A Biblical Prosperity Message (Part 2) by Michael Furlonger

This is Part 2 on the topic of a truly Biblical prosperity message. To read the first, click HERE. I felt the need to share the importance of reading the Bible accurately after a friend shared a false prosperity message. From that, I wrote about the time My Best Friend’s Wife Wrote Me A Love Letter.

Now, I do believe there is a genuine prosperity message that comes from God, not any of these prosperity preachers. Not because you go to church and put money in the offering plate, but because of God. So, last week I began to share on Biblical Prosperity through the story of Joseph from Genesis 37-39.

Recap: Joseph was sold as a slave by his brothers. He was bought as a slave by a man named Potiphar. The LORD was with Joseph while he was a slave and Potiphar raised him as an overseer, but a slave none-the-less.

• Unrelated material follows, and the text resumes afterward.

(* Let $S=sgp^+\langle A\mid R\rangle$ with $A$ finite, let $L\subseteq A^+$, and suppose $(A,L)$ is a prefix-automatic structure for $S$. Let $e$ be a new symbol, $B=A\cup\{e\}$, $K=L\cup\{e\}$, and $S^1=sgp^+\langle A\cup\{e\}\mid R,\ ea=ae=a\ (a\in A),\ ee=e\rangle$. Then $(B,K)$ is a prefix-automatic structure for $S^1$.
   Context: $A^*$ is the free monoid on $A$ (empty word $\varepsilon$), $A^+=A^*\setminus\{\varepsilon\}$. $sgp^+\langle A\mid R\rangle$ denotes the semigroup $A^+$ modulo the congruence generated by $R$. A language is regular if accepted by a finite state automaton. Let $\$\notin A$, $A(2,\$)=(A\cup\{\$\})^2\setminus\{(\$,\$)\}$. For $\alpha,\beta\in A^*$, $(\alpha,\beta)\delta_A^R$ is the word over $A(2,\$)$ obtained by padding the shorter of $\alpha,\beta$ on the right with $\$$'s to equal length and reading the pairs of letters position by position. For a semigroup $S$ generated by finite $A$ with canonical epimorphism $\phi:A^+\to S$ and a regular $L\subseteq A^+$ with $\phi(L)=S$, write $\alpha=\beta$ if $\phi(\alpha)=\phi(\beta)$ (with $\alpha\varepsilon\equiv\alpha$), and for $a\in A\cup\{\varepsilon\}$ let $L_a^\$=\{(\alpha,\beta)\delta^R_A:\alpha,\beta\in L,\ \alpha a=\beta\}$. $(A,L)$ is an automatic structure if every $L_a^\$$ is regular; it is a prefix-automatic structure if moreover $\{(\alpha,\beta)\delta_A^R:\alpha\in L,\ \beta\in\mathrm{Pref}(L),\ \alpha=\beta\}$ is regular, $\mathrm{Pref}(L)$ being the set of prefixes of words in $L$. For $S^1$ the map sends $e$ to the identity. *)

From mathcomp Require Import all_boot.
Set Implicit Arguments. Unset Strict Implicit. Unset Printing Implicit Defensive.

Potiphar’s wife wanted to sleep with Joseph, but Joseph declined so not to dishonour God. Potiphar’s wife accused Joseph of rape and Potiphar threw him in prison.

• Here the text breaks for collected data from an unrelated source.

Lemma holds_identity_presentedP X (w w' : seq X) :
  holds_identity (presented_monoid R) w w' <->
  forall f : X -> seq A, cong R (subst_word f w) (subst_word f w').
Proof.
split=> [Hid f | Hcong phi /hom_presentedE[f phiE]]; last by rewrite !phiE; apply/pcl_eqP.
exact/pcl_eqP/(Hid _ (is_hom_pcl_subst f)).
Qed.

End Presentation.

Lemma cong_sub A (R1 R2 : seq A -> seq A -> Prop) :
  (forall u v, R1 u v -> cong R2 u v) -> forall u v, cong R1 u v -> cong R2 u v.
Proof.
move=> R12 u v; elim=> [p q x y /R12 Rxy | w | x y _ IH | x y z _ IH1 _ IH2].
- exact/cong_catl/cong_catr.
- exact: cong_refl.
- exact: cong_sym.
- exact: cong_trans IH2.
Qed.

Lemma holds_identity_quotient A (R1 R2 : seq A -> seq A -> Prop) X (w w' : seq X) :
  (forall u v, R1 u v -> cong R2 u v) ->
  holds_identity (presented_monoid R1) w w' -> holds_identity (presented_monoid R2) w w'.
Proof.
move=> R12 /holds_identity_presentedP Hid; apply/holds_identity_presentedP => f.
exact: cong_sub (Hid f).
Qed.

Section Relations.
Variable n : nat.
Implicit Types i j k : 'I_n.

Lemma kis_styl u v : kis_rel u v -> cong (@styl_rel n) u v.
Proof.
have styl_idem i p q : cong (@styl_rel n) (p ++ [:: i; i] ++ q) (p ++ [:: i] ++ q).
  by apply: cong_base; left; exists i.
case=> [[i [-> ->]] | [i [j [lt_ij [[-> ->] | [-> ->]]]]]].
- exact: (styl_idem i [::] [::]).
- apply: cong_trans (_ : cong _ [:: j; i; i] _); last exact: (styl_idem i [:: j] [::]).
  by apply/cong_sym/cong_rel; right; right; exists i, j; split=> //; left.
- apply: cong_trans (_ : cong _ [:: j; j; i] _); last exact: (styl_idem j [::] [:: i]).
  by apply/cong_sym/cong_rel; right; right; exists i, j; split=> //; right.
Qed.

Local Notation C := (cong (@cat_rel n)).

Lemma cat_idem p q i : C (p ++ [:: i; i] ++ q) (p ++ [:: i] ++ q).
Proof. by apply: cong_base; left; exists i. Qed.

Lemma cat_comm p q i k : i + 2 <= k -> C (p ++ [:: i; k] ++ q) (p ++ [:: k; i] ++ q).
Proof. by move=> far; apply: cong_base; right; left; exists i, k; split=> //; left. Qed.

But while Joseph was there in the prison, the LORD was with him; he showed him kindness and granted him favor in the eyes of the prison warden. So the warden put Joseph in charge of all those held in the prison, and he was made responsible for all that was done there. (Genesis 39:20-22)

Joseph Tells Cupbearer

Now, Joseph is in prison. Even though the LORD is with him and the prison warden notices this, Joseph is still in prison. The same as when Potiphar noticed that the LORD was with Joseph, Joseph was still a slave. That’s the rule I pointed out: Even though many preacher’s today preach immediate wealth, biblically, you can only prosper to the reach of the other person. Allow me to explain.

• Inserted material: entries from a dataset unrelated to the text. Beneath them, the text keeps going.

(* With $G$, $d$, $G_0$, $X$ and the topology $\tau$ as in the context, the space $(X,\tau)$ is regular.
   Context: Let $G$ be a Polish group, $d$ a compatible right-invariant metric on $G$ (i.e. $d(g_0h,g_1h)=d(g_0,g_1)$) bounded by $1$, and $G_0$ a countable dense subgroup of $G$. Let $\mathcal L(G,d)$ be the set of functions $f:G\to[0,1]$ with $|f(g_1)-f(g_2)|\le d(g_1,g_2)$ for all $g_1,g_2$. Let $\mathbb Q^{<\mathbb N}$ be the set of finite sequences of rationals; for $s\in\mathbb Q^{<\mathbb N}$ and rationals $a_1,\dots,a_k$, $sa_1\dots a_k$ denotes the sequence $s$ followed by $a_1,\dots,a_k$ (natural numbers are regarded as rationals). Elements of $\mathcal L(G,d)^{\mathbb Q^{<\mathbb N}}$ are families $\vec f=(f_s)_{s\in\mathbb Q^{<\mathbb N}}$, and $G$ acts by $(g\cdot\vec f)_s(g_0)=f_s(g_0g)$. Let $X$ be the set of $\vec f\in\mathcal L(G,d)^{\mathbb Q^{<\mathbb N}}$ such that, writing $t=sq_0q_1q_2\,0\,m\,n$ and $u=sq_0q_1q_2\,1\,m\,n$: (1) for all $s\in\mathbb Q^{<\mathbb N}$, $g_0\in G_0$, $m,n\in\mathbb N$, $q_0,q_1,q_2,\epsilon\in\mathbb Q\cap(0,1)$ with $0<q_i\pm\epsilon<1$ ($i=0,1,2$): $f_t(g_0)<q_1-\epsilon$ or $f_s(g_0)\le q_0+\epsilon$; (2) for the same range of parameters: $f_u(g_0)\ge q_2+\epsilon$ or $f_t(g_0)\ge q_1-\epsilon$; (3) for all $s\in\mathbb Q^{<\mathbb N}$, $g_0\in G_0$, $q_0,\epsilon\in\mathbb Q\cap(0,1)$: if $f_s(g_0)<q_0$ then there are $q_1,q_2\in\mathbb Q$, $g_1\in G_0$, $m,n\in\mathbb N$ with $0<q_2<q_1<q_0<1$, $d(g_0,g_1)<\epsilon$, and $f_u(g_1)<q_2$ where $u=sq_0q_1q_2\,1\,m\,n$. The topology $\tau$ on $X$ is the one generated by the subbasis of all sets $\{\vec f\in X: f_s(g_0)<q_0\}$ for $s\in\mathbb Q^{<\mathbb N}$, $g_0\in G_0$, $q_0\in\mathbb Q$. *)

From Stdlib Require Import Reals List QArith Qcanon.
Open Scope R_scope.

Definition is_group {G : Type} (mul : G -> G -> G) (inv : G -> G) (e : G) : Prop :=
  (forall x y z, mul x (mul y z) = mul (mul x y) z) /\
  (forall x, mul e x = x) /\ (forall x, mul x e = x) /\
  (forall x, mul (inv x) x = e) /\ (forall x, mul x (inv x) = e).

Definition is_metric {G : Type} (d : G -> G -> R) : Prop :=
  (forall x y, 0 <= d x y) /\
  (forall x y, d x y = 0 <-> x = y) /\
  (forall x y, d x y = d y x) /\
  (forall x y z, d x z <= d x y + d y z).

The prison warden noticed that there was something special about Joseph and placed him in charge. In time, Joseph finds two men in prison: the Pharaoh’s chief baker and the Pharaoh’s chief cupbearer (Genesis 40:1). While they are under Joseph’s watch, both of them appear troubled over their dreams.

Then Joseph said to them, “Do not interpretations belong to God? Tell me your dreams.” (Genesis 40:8)

So they tell Joseph their dreams. He tells the cupbearer that his dream speaks of him being reinstated as Pharaoh’s chief cupbearer (Genesis 40:12-15). The baker’s dream, however, spoke of him being hanged (Genesis 40:18-19). After the cupbearer is reinstated at Pharaoh’s side, he leaves the prison and Joseph is forgotten.

Cupbearer Tells Pharaoh

Joseph remains in prison for two more years, until Pharaoh has two dreams. It is at this point that the cupbearer remembers Joseph’s ability to interpret dreams and tells Pharaoh about him (Genesis 41:9-13). Pharaoh calls on Joseph and tells him his dreams (Genesis 41:14-15). And this is how Joseph replies,

 “I cannot do it,” Joseph replied to Pharaoh, “but God will give Pharaoh the answer he desires.” (Genesis 41:16)

Pharaoh goes on to tell Joseph his dreams (Genesis 41:17-24). Joseph tell Pharaoh that his dreams speak of seven years of great prosperity followed by seven years of famine. He encourages Pharaoh to find someone to prepare for the famine (Genesis 41:25-36).

Then Pharaoh said to Joseph, “Since God has made all this known to you, there is no one so discerning and wise as you. You shall be in charge of my palace, and all my people are to submit to your orders. Only with respect to the throne will I be greater than you.” (Genesis 41:39-40)

Explanation:

There are two people that I want us to look at as we discuss Biblical prosperity: The Cupbearer and The Pharaoh.

If you lift up God, as Joseph credited God with his dream interpretations, people will notice. The cupbearer noticed. He couldn’t raise up (prosper) Joseph from his prison cell. Although it took two years for the opportunity to arise, but the cupbearer did tell Pharaoh of Joseph.

Allow me to repeat what Pharaoh said: “Only in respect to the throne will I be greater than you.” Even Pharaoh had his “limitations”. He could only raise him up to his level.

As we talk about Biblical prosperity, people will raise you up because they see God. Christian and non-Christian alike have an inner desire for godliness. Your employer may not be a church going Christian, but if he sees you speaking with a civil, respectful tongue, he will take notice. If you genuinely respect a customer, let the customer lift you up (cupbearer to Pharaoh).

But if you’re going to church thinking, “I’m going to put money in the offering plate, sing the songs and God will owe me one,” you’re lost.